== WORK ORDER ==
With the material below, print exactly the lines between the line holding "move=> ext_inf; apply: contrapT" and the line holding "have acp : w a c <= lw w p.", inclusive. Add nothing else.

────────

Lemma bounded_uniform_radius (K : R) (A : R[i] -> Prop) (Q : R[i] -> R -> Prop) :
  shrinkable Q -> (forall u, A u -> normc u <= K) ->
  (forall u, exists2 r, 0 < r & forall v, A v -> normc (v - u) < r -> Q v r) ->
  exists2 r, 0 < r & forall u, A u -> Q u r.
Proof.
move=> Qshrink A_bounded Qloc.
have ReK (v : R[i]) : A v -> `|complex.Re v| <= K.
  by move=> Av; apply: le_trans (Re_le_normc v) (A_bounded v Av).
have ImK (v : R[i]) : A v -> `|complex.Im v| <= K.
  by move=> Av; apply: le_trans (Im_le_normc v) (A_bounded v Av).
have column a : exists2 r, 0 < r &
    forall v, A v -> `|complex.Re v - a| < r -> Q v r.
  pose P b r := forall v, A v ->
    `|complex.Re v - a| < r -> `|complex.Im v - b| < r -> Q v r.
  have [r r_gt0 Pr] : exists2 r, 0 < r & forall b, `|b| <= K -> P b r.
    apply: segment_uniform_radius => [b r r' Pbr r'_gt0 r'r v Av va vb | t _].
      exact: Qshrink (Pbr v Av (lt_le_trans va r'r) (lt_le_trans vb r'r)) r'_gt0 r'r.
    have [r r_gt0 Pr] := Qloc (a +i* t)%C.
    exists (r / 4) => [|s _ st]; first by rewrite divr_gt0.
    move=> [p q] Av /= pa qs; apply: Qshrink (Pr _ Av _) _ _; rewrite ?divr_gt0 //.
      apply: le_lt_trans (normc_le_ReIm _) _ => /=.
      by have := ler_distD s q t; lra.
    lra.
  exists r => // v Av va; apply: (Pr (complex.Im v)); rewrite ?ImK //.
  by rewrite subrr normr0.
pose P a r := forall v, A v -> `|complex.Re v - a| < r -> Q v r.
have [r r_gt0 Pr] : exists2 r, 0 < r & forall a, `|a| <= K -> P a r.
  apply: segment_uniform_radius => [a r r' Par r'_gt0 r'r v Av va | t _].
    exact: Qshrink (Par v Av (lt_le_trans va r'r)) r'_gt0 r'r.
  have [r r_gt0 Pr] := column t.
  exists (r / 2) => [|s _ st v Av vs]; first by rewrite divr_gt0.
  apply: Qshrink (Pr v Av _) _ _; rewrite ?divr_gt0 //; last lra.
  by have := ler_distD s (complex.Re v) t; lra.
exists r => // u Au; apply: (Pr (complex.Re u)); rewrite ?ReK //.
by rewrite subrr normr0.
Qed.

────────

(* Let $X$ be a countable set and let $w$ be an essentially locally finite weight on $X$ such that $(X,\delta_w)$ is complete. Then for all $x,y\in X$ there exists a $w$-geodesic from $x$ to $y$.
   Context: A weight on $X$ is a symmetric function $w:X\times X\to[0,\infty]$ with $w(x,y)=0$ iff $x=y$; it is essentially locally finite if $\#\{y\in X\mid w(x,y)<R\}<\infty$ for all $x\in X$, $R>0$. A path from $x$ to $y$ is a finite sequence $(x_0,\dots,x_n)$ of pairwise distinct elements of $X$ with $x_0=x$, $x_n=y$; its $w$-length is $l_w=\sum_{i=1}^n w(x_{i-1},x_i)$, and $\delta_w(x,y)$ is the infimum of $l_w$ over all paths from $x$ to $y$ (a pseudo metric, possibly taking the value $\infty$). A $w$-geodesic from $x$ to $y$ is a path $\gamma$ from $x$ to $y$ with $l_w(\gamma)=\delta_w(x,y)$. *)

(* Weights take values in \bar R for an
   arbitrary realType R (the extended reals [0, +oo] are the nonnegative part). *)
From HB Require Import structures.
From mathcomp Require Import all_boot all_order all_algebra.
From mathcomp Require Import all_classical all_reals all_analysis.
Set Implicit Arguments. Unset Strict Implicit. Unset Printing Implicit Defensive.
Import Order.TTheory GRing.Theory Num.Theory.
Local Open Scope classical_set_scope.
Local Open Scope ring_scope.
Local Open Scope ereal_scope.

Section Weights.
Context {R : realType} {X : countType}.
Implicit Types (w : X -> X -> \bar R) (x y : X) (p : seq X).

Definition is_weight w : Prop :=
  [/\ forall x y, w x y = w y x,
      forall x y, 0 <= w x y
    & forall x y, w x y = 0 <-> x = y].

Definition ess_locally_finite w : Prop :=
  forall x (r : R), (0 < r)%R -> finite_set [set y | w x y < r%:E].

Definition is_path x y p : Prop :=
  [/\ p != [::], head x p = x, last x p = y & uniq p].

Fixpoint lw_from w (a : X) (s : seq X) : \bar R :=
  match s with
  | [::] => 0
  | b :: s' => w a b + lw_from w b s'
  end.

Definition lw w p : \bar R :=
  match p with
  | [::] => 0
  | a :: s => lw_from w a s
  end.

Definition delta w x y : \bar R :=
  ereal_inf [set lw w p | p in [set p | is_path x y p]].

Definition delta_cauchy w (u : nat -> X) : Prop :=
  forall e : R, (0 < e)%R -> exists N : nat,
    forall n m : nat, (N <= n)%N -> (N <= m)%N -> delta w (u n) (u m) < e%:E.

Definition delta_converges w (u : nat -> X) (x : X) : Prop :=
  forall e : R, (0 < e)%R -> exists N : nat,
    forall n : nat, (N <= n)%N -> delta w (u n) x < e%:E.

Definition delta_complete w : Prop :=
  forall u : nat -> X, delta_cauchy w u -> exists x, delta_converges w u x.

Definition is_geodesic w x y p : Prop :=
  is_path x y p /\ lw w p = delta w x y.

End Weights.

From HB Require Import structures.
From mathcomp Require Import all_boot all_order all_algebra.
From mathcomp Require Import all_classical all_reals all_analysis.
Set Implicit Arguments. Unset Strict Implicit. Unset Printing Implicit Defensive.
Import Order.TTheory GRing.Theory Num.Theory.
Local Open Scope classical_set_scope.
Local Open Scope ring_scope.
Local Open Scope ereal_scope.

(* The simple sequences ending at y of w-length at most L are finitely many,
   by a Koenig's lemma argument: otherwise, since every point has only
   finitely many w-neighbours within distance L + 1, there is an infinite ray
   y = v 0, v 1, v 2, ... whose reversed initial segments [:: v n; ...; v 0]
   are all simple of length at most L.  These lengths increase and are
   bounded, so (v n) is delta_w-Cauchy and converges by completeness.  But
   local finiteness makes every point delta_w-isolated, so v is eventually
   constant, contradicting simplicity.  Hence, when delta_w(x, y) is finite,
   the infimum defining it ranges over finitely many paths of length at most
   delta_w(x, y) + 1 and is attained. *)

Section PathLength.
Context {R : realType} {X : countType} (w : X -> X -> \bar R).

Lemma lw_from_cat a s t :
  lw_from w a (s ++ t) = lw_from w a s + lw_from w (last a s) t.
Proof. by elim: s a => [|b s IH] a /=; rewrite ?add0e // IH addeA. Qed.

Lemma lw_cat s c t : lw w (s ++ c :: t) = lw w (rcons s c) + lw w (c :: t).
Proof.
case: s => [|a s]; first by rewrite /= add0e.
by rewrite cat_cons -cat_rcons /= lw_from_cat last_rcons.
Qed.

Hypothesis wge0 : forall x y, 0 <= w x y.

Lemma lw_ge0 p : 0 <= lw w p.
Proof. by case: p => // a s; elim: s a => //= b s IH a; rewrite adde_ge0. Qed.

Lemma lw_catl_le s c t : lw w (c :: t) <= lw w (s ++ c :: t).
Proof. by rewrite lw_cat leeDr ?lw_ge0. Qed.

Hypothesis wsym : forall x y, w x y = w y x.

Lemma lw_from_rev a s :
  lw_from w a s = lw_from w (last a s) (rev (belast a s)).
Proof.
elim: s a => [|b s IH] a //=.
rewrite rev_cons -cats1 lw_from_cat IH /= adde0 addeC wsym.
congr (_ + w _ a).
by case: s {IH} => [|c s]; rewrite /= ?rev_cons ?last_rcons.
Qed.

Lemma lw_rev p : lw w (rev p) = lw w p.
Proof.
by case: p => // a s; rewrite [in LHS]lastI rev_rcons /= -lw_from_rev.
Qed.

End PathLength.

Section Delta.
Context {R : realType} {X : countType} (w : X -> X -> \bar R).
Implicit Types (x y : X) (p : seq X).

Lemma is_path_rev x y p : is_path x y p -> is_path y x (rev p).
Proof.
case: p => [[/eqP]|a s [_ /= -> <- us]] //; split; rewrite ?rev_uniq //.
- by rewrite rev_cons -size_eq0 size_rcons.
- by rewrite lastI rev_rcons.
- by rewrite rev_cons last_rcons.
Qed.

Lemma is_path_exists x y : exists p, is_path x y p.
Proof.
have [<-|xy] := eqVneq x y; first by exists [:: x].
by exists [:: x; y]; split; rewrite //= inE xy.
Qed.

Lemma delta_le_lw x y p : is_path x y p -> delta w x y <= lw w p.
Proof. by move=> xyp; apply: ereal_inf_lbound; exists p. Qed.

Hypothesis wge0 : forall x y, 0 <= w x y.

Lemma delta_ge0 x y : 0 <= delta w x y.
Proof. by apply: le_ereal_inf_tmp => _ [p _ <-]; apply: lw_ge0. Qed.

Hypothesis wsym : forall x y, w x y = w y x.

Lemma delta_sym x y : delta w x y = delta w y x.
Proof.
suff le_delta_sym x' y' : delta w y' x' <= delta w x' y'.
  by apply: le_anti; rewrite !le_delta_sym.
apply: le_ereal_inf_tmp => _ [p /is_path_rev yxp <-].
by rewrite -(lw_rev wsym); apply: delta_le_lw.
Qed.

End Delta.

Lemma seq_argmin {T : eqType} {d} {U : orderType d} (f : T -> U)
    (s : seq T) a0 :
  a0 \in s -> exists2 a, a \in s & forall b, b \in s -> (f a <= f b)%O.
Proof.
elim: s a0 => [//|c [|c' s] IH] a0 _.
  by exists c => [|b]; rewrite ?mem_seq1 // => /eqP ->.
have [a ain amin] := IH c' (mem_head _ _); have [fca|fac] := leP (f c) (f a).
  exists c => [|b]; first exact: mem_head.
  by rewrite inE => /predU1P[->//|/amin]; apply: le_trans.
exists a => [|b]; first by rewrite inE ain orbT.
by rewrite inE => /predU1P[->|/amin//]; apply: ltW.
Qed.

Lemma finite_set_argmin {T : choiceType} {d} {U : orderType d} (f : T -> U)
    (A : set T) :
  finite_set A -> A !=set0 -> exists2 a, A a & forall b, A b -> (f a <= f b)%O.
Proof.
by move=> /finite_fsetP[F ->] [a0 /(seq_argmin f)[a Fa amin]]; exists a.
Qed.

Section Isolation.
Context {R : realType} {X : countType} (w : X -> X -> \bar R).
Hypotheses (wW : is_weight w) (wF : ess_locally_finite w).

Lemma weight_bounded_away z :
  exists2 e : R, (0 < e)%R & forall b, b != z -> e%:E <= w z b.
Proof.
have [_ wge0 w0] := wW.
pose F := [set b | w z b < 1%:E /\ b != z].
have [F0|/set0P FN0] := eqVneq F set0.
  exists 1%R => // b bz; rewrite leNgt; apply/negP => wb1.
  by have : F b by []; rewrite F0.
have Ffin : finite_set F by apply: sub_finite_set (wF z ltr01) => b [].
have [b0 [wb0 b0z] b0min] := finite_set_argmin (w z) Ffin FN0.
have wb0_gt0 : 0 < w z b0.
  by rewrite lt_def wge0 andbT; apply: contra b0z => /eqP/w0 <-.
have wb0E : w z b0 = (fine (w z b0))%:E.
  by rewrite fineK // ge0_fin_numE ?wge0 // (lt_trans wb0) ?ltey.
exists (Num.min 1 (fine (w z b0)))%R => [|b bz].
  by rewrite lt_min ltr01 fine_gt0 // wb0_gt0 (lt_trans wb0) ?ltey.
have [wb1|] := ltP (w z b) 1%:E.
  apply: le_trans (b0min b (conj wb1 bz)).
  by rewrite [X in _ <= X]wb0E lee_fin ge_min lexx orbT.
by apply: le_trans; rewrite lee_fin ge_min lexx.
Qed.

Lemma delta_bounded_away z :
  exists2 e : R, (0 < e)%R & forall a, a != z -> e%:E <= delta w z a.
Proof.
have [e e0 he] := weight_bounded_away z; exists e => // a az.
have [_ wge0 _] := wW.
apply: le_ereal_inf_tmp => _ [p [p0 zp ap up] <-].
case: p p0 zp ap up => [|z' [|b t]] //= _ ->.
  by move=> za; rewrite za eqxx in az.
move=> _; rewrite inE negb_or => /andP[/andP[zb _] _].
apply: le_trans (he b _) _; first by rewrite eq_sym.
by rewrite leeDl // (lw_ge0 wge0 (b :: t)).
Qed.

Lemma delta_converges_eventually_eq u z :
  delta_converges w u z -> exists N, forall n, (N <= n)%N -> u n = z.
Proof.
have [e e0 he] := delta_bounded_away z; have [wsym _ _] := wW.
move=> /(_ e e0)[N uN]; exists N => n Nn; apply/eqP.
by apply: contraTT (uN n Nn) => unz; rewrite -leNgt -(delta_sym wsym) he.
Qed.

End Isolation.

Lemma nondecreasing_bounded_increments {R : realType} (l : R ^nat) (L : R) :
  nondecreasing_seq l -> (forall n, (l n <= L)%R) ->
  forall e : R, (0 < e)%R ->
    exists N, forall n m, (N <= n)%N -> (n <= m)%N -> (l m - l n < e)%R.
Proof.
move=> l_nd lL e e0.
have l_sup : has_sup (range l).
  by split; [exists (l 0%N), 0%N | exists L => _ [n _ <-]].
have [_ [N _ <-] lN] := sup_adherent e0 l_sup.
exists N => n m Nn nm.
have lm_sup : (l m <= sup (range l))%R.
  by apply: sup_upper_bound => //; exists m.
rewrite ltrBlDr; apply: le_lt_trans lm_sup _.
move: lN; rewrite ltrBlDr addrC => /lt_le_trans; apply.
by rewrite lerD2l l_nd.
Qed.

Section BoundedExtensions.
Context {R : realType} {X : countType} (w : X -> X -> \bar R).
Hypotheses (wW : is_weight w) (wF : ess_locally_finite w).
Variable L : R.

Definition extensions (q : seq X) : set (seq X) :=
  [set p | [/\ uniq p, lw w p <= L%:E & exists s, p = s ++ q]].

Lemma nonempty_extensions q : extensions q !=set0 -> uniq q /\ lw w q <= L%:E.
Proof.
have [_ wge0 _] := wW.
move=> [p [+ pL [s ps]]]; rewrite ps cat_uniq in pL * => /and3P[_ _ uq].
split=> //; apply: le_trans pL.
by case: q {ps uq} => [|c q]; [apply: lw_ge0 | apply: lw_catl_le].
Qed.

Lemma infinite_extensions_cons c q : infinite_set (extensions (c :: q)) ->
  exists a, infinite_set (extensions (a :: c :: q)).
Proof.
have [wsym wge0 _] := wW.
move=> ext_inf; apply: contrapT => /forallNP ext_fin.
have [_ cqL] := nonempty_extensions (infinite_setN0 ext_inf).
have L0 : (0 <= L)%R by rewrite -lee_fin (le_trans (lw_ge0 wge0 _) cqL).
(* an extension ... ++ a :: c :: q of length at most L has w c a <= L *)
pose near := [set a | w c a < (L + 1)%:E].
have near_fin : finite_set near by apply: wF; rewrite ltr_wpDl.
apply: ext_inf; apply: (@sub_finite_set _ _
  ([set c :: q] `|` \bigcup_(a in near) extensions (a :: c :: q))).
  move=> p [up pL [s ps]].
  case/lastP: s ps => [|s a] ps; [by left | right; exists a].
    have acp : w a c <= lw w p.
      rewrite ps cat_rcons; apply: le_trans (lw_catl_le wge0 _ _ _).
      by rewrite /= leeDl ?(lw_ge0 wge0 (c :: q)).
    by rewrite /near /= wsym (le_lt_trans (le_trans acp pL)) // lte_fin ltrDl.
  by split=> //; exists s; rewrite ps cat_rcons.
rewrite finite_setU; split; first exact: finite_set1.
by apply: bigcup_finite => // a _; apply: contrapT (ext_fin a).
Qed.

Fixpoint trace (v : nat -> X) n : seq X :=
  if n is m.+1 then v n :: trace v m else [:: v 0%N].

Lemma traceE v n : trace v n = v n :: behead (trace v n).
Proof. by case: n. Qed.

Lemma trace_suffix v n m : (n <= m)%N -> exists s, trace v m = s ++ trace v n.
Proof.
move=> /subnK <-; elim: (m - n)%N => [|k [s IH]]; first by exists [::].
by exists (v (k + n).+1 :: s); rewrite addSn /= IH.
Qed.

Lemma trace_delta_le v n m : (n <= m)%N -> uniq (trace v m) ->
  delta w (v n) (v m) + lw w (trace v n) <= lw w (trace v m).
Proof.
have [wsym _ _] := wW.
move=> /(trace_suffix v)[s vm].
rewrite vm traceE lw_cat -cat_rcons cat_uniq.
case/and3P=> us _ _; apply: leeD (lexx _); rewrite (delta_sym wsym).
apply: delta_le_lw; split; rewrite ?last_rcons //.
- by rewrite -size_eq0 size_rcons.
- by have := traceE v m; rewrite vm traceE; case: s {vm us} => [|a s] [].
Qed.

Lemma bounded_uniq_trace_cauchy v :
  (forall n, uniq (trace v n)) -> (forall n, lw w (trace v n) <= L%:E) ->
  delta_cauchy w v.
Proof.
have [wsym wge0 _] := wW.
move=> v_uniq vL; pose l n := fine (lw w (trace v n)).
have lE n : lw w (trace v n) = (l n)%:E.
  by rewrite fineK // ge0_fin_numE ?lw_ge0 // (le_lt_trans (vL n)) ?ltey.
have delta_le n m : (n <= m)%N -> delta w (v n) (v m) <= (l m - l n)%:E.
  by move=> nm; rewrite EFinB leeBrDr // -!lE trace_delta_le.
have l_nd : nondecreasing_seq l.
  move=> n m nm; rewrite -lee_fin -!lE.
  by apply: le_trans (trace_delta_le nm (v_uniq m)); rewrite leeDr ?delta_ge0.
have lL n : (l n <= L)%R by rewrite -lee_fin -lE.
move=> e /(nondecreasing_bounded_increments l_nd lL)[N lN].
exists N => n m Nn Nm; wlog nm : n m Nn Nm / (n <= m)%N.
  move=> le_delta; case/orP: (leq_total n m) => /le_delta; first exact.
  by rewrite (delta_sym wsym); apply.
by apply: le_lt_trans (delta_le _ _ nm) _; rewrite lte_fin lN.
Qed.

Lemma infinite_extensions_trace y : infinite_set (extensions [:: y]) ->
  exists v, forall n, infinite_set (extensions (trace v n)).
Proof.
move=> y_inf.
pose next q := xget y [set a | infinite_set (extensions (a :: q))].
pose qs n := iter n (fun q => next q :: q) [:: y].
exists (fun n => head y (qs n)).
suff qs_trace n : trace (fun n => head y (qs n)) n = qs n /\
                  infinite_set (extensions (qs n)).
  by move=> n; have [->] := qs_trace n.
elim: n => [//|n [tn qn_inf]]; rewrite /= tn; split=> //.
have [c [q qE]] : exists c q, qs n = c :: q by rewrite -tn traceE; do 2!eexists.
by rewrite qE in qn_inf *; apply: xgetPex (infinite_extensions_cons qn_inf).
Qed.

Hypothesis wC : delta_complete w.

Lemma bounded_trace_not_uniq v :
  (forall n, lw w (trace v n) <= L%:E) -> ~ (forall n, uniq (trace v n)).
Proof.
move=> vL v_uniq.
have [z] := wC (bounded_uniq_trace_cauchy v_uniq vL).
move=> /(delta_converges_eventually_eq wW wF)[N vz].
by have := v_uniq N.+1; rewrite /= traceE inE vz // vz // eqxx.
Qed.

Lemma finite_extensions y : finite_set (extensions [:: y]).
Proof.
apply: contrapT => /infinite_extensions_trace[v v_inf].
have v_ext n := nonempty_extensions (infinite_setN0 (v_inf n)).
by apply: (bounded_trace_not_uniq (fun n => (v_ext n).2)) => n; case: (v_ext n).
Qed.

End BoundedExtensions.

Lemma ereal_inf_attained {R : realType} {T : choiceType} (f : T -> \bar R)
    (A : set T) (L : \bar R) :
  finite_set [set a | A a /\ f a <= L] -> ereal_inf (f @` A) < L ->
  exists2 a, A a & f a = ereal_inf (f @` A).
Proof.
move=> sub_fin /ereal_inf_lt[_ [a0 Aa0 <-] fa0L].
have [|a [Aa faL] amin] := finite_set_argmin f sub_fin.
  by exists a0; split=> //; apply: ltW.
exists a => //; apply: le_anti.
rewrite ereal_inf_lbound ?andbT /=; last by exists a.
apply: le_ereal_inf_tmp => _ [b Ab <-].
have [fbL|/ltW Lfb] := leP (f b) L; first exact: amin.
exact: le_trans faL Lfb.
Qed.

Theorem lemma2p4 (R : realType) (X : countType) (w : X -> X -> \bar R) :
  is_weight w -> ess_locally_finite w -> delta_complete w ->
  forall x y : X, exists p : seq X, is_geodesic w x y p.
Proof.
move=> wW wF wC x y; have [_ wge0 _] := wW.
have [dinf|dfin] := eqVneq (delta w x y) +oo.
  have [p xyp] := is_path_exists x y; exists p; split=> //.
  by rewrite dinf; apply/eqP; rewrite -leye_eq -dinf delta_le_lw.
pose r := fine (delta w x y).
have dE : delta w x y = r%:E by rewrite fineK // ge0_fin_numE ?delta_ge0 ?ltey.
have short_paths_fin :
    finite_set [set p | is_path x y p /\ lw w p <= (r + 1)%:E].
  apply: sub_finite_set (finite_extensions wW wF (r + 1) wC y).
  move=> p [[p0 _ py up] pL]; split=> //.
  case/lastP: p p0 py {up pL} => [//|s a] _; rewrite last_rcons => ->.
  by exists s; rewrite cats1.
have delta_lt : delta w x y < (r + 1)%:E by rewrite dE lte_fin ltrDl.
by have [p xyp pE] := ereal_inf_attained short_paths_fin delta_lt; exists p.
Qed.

────────

== WRITTEN RESPONSE ==
move=> ext_inf; apply: contrapT => /forallNP ext_fin.
have [_ cqL] := nonempty_extensions (infinite_setN0 ext_inf).
have L0 : (0 <= L)%R by rewrite -lee_fin (le_trans (lw_ge0 wge0 _) cqL).
(* an extension ... ++ a :: c :: q of length at most L has w c a <= L *)
pose near := [set a | w c a < (L + 1)%:E].
have near_fin : finite_set near by apply: wF; rewrite ltr_wpDl.
apply: ext_inf; apply: (@sub_finite_set _ _
  ([set c :: q] `|` \bigcup_(a in near) extensions (a :: c :: q))).
  move=> p [up pL [s ps]].
  case/lastP: s ps => [|s a] ps; [by left | right; exists a].
    have acp : w a c <= lw w p.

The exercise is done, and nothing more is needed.